An excited Harvard Business Review notes that:
“It’s still pretty amazing that we can use analytics to predict the future. All we have to do is gather the right data, do the right type of statistical model, and be careful of our assumptions.”
Be careful of our assumptions, indeed. A model is still a model, at the end of the day. The financial crisis of 2008–2009 (and beyond) has already given us a potent example of poor predictive analytics in action — in that case, when assessing how likely mortgage customers were to repay their loans.
When we look at a picture of, say, subways and sewers, and their tangled knots of pipes, we should really note that the picture “n’est pas une pipe” — it’s just a picture. The map is not the territory; not even if that map is as richly detailed as the kind of deep behavioural data our cities may soon generate. Whilst the notion of ‘path dependency’ obsesses urbanists, a city is more than just the sum of its previous behaviours; just as a former violent criminal might not ever be violent again.

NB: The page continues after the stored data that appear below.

(* Let $V$ be a real vector space endowed with some topology and $X$ a convex cone in $V$. Suppose $w\in\mathbb{R}$, $f\in P_X$, and $R$ is a locally nonsatiated total relation on $X$. If $C\subseteq X$ is a cone in $V$ and $R$ is $C$-antichain-convex, then $\mathcal{M}(R,B^w_{f,X})$ is a convex $C$-antichain included in $\operatorname{bd}(F^w_f)$.
   Context: A cone in $V$ is a subset $K$ with $\lambda K\subseteq K$ for all $\lambda>0$ (possibly empty, need not contain $0$). $V^*$ denotes the continuous linear functionals on $V$; $P_X=\{f\in V^*: f(x)>0\text{ for all }x\in X\setminus\{0\}\}$; $F^w_f=\{v\in V:f(v)\le w\}$, $B^w_{f,X}=F^w_f\cap X$; $\operatorname{bd}$ is the topological boundary. A set $A$ is $C$-antichain-convex iff for all $x,y\in A$, $\lambda\in[0,1]$ with $y-x\notin C\cup(-C)$, $\lambda x+(1-\lambda)y\in A$; $A$ is a $C$-antichain iff for all distinct $x,y\in A$, $y-x\notin C\cup(-C)$. For a relation $R\subseteq X\times X$, $R(x)=\{t\in X:(t,x)\in R\}$; $R$ is total iff for all $s,t$, $t\in R(s)$ or $s\in R(t)$; $R$ is $C$-antichain-convex iff each $R(x)$ is $C$-antichain-convex; $R$ is locally nonsatiated iff $x\in\operatorname{cl}(\{y\in X:y\in R(x),\ x\notin R(y)\})$ for all $x\in X$. For $S\subseteq X$, $m\in S$ is $R$-maximal on $S$ iff for every $s\in S$ with $s\in R(m)$, $m\in R(s)$; $\mathcal{M}(R,S)$ is the set of these. *)

From HB Require Import structures.
From mathcomp Require Import all_boot all_order all_algebra.
From mathcomp Require Import all_classical all_reals all_analysis.
Set Implicit Arguments. Unset Strict Implicit. Unset Printing Implicit Defensive.
Import Order.TTheory GRing.Theory Num.Theory.
Local Open Scope classical_set_scope.
Local Open Scope ring_scope.

Section Defs.
Variables (R : realType) (V : preTopologicalLmodType R).

(* cone: closed under multiplication by positive scalars (may be empty,
   need not contain 0) *)
Definition is_cone (K : set V) : Prop :=
  forall (l : R) (x : V), 0 < l -> K x -> K (l *: x).

Definition is_convex (A : set V) : Prop :=
  forall (x y : V) (l : R), A x -> A y -> 0 <= l <= 1 ->
    A (l *: x + (1 - l) *: y).

(* P_X : continuous linear functionals strictly positive on X \ {0} *)
Definition strictly_positive_on (X : set V) (f : {scalar V}) : Prop :=
  continuous (fun v : V => (f v : R^o)) /\ (forall x, X x -> x != 0 -> 0 < f x).

Definition Fset (w : R) (f : {scalar V}) : set V := [set v | f v <= w].
Definition Bset (w : R) (f : {scalar V}) (X : set V) : set V := Fset w f `&` X.

Definition bd (A : set V) : set V := closure A `\` interior A.

Definition antichain_convex (C A : set V) : Prop :=
  forall (x y : V) (l : R), A x -> A y -> 0 <= l <= 1 ->
    ~ C (y - x) -> ~ C (- (y - x)) -> A (l *: x + (1 - l) *: y).

Definition antichain (C A : set V) : Prop :=
  forall x y : V, A x -> A y -> x <> y -> ~ C (y - x) /\ ~ C (- (y - x)).

(* A relation on X is a predicate Rel : V -> V -> Prop with Rel t x -> X t /\ X x;
   Rel t x means (t, x) \in R. *)
Definition rel_on (X : set V) (Rel : V -> V -> Prop) : Prop :=
  forall t x, Rel t x -> X t /\ X x.

Definition Rsec (X : set V) (Rel : V -> V -> Prop) (x : V) : set V :=
  [set t | X t /\ Rel t x].

Definition rel_total (X : set V) (Rel : V -> V -> Prop) : Prop :=
  forall s t, X s -> X t -> Rsec X Rel s t \/ Rsec X Rel t s.

Definition rel_antichain_convex (C X : set V) (Rel : V -> V -> Prop) : Prop :=
  forall x, antichain_convex C (Rsec X Rel x).

Definition locally_nonsatiated (X : set V) (Rel : V -> V -> Prop) : Prop :=
  forall x, X x ->
    closure [set y | X y /\ Rsec X Rel x y /\ ~ Rsec X Rel y x] x.

Definition maximals (X : set V) (Rel : V -> V -> Prop) (S : set V) : set V :=
  [set m | S m /\ forall s, S s -> Rsec X Rel m s -> Rsec X Rel s m].

End Defs.

(** A point of [B^w_{f,X}] in the interior of [F^w_f] has strictly better
    points of [B^w_{f,X}] arbitrarily close to it by local nonsatiation, so
    maximal points lie on the boundary. If two maximal points differed by a
    nonzero element of [C], the smaller one would satisfy [f m < w] and hence be
    interior. Finally, every maximal point lies in [R(s)] for every [s] of the
    budget set by totality, so for [s] better than a convex combination [z] of
    two maximal points, antichain-convexity of [R(s)] puts [z] in [R(s)]. *)
From HB Require Import structures.
From mathcomp Require Import all_boot all_order all_algebra.
From mathcomp Require Import all_classical all_reals all_analysis.
Import Order.TTheory GRing.Theory Num.Theory.
Local Open Scope classical_set_scope.
Local Open Scope ring_scope.

Set Implicit Arguments.
Unset Strict Implicit.
Unset Printing Implicit Defensive.

Section MaximalElements.
Variables (R : realType) (V : preTopologicalLmodType R).

Lemma is_convexI (A B : set V) :
  is_convex A -> is_convex B -> is_convex (A `&` B).
Proof. by move=> cA cB x y l [Ax Bx] [Ay By] l01; split; [apply: cA | apply: cB]. Qed.

Lemma is_convex_Fset (w : R) (f : {scalar V}) : is_convex (Fset w f).
Proof.
move=> x y l; rewrite /Fset /= => fx fy /andP[l0 l1].
have -> : w = l * w + (1 - l) * w by rewrite -mulrDl addrC subrK mul1r.
by rewrite linearD !linearZ lerD // ler_wpM2l // subr_ge0.
Qed.

Lemma interior_Fset (w : R) (f : {scalar V}) (x : V) :
  continuous (fun v : V => (f v : R^o)) -> f x < w -> interior (Fset w f) x.
Proof.
move=> fc fxw; have : nbhs x [set v | f v < w] by exact: fc x _ (lt_nbhsl fxw).
by apply: filterS => v /ltW.
Qed.

Lemma scalar_lt_of_cone_step (X C : set V) (f : {scalar V}) (x y : V) :
  strictly_positive_on X f -> C `<=` X -> C (y - x) -> x <> y -> f x < f y.
Proof.
move=> [_ fpos] CX Cyx xy.
have : y - x != 0 by rewrite subr_eq0; apply/eqP => /esym.
by move/(fpos _ (CX _ Cyx)); rewrite raddfB subr_gt0.
Qed.

Variables (X : set V) (Rel : V -> V -> Prop).

Lemma maximals_not_interior (A : set V) (m : V) :
  locally_nonsatiated X Rel -> maximals X Rel (A `&` X) m -> ~ interior A m.
Proof.
move=> lns [[Am Xm] mmax] Aint.
have [y [[Xy [[_ Rym] nRmy]] Ay]] := lns m Xm _ Aint.
by apply: nRmy; apply: mmax.
Qed.

Lemma maximals_bd (A : set V) :
  locally_nonsatiated X Rel -> maximals X Rel (A `&` X) `<=` bd A.
Proof.
move=> lns m Mm; split; last exact: maximals_not_interior Mm.
by apply: subset_closure; case: Mm => -[].
Qed.

Lemma maximals_in_Rsec (S : set V) (m s : V) :
  S `<=` X -> rel_total X Rel -> maximals X Rel S m -> S s -> Rsec X Rel s m.
Proof.
move=> SX tot [Sm mmax] Ss.
by case: (tot m s (SX _ Sm) (SX _ Ss)) => // /(mmax _ Ss).
Qed.

Lemma is_convex_maximals (C S : set V) :
  is_convex S -> S `<=` X -> rel_total X Rel -> rel_antichain_convex C X Rel ->
  antichain C (maximals X Rel S) -> is_convex (maximals X Rel S).
Proof.
move=> cS SX tot rac ach m1 m2 l M1 M2 l01.
have [<-|m12] := pselect (m1 = m2).
  by rewrite -scalerDl addrC subrK scale1r.
have [Sm1 Sm2] := (M1.1, M2.1).
split; first exact: cS.
move=> s Ss _; have [nC nCN] := ach m1 m2 M1 M2 m12.
have [Rm1 Rm2] := (maximals_in_Rsec SX tot M1 Ss, maximals_in_Rsec SX tot M2 Ss).
exact: rac Rm1 Rm2 l01 nC nCN.
Qed.

Lemma maximals_Bset_not_cone_step (C : set V) (w : R) (f : {scalar V}) (m1 m2 : V) :
  locally_nonsatiated X Rel -> strictly_positive_on X f -> C `<=` X ->
  maximals X Rel (Bset w f X) m1 -> maximals X Rel (Bset w f X) m2 ->
  m1 <> m2 -> ~ C (m2 - m1).
Proof.
move=> lns fpos CX M1 M2 m12 Cm; apply: (maximals_not_interior lns M1).
apply: interior_Fset; first exact: fpos.1.
exact: lt_le_trans (scalar_lt_of_cone_step fpos CX Cm m12) M2.1.1.
Qed.

Lemma antichain_maximals_Bset (C : set V) (w : R) (f : {scalar V}) :
  locally_nonsatiated X Rel -> strictly_positive_on X f -> C `<=` X ->
  antichain C (maximals X Rel (Bset w f X)).
Proof.
move=> lns fpos CX m1 m2 M1 M2 m12.
split; first exact: maximals_Bset_not_cone_step lns fpos CX M1 M2 m12.
have m21 : m2 <> m1 by move=> /esym.
by rewrite opprB; exact: maximals_Bset_not_cone_step lns fpos CX M2 M1 m21.
Qed.

End MaximalElements.

Theorem theorem13 (R : realType) (V : preTopologicalLmodType R)
  (X : set V) (w : R) (f : {scalar V}) (Rel : V -> V -> Prop) (C : set V) :
  is_cone X -> is_convex X ->
  strictly_positive_on X f ->
  rel_on X Rel -> rel_total X Rel -> locally_nonsatiated X Rel ->
  is_cone C -> C `<=` X ->
  rel_antichain_convex C X Rel ->
  is_convex (maximals X Rel (Bset w f X)) /\
  antichain C (maximals X Rel (Bset w f X)) /\
  maximals X Rel (Bset w f X) `<=` bd (Fset w f).
Proof.
move=> _ convX fpos _ tot lns _ CX rac.
have ach : antichain C (maximals X Rel (Bset w f X)).
  exact: antichain_maximals_Bset lns fpos CX.
split; [|split=> //; exact: maximals_bd].
apply: is_convex_maximals => //; last by move=> x [].
exact: (is_convexI (@is_convex_Fset R V w f) convX).
Qed.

Fundamentally, with this Predictive City in mind, the sheer unpredictability of cities is not only part of their charm, but a vital lesson about the possibility of change. As Oscar Wilde said, “every saint has a past, and every sinner has a future.” Predictive analytics, if applied with a carelessness Lady Bracknell would recognise, has no time for such subtleties.
Such approaches needn’t necessarily be detrimental — they could be highly informative, in the context of more holistic, collaborative, imaginative approaches to designing and running cities — but only if, unlike the priests of Ancient Egypt and their secret nilometers, we are openly discussing the potential pitfalls — the possibility that ironing out unpredictability also irons out difference, and the possibility of change itself — and sketching out richer versions of our urban future.
There’s a saying in design futures circles — when you invent the motor car, you also invent the traffic jam. You gain; you might also lose. But no-one envisages the traffic jam because … HEY LOOK A MOTOR CAR!
We might borrow the informal dynamics of Nairobi’s matatus or New York’s dollar vans and wrap them up in scalable code structures, in the gleaming business models of tech start-ups. Yet in doing so we potentially destabilise not just the matatu but the metro as well, and we stumble towards whatever invisible version of a traffic jam is contained within these scenarios.
Ironically, it may not be a traffic jam — perhaps software can fix that, after all — but what will it be?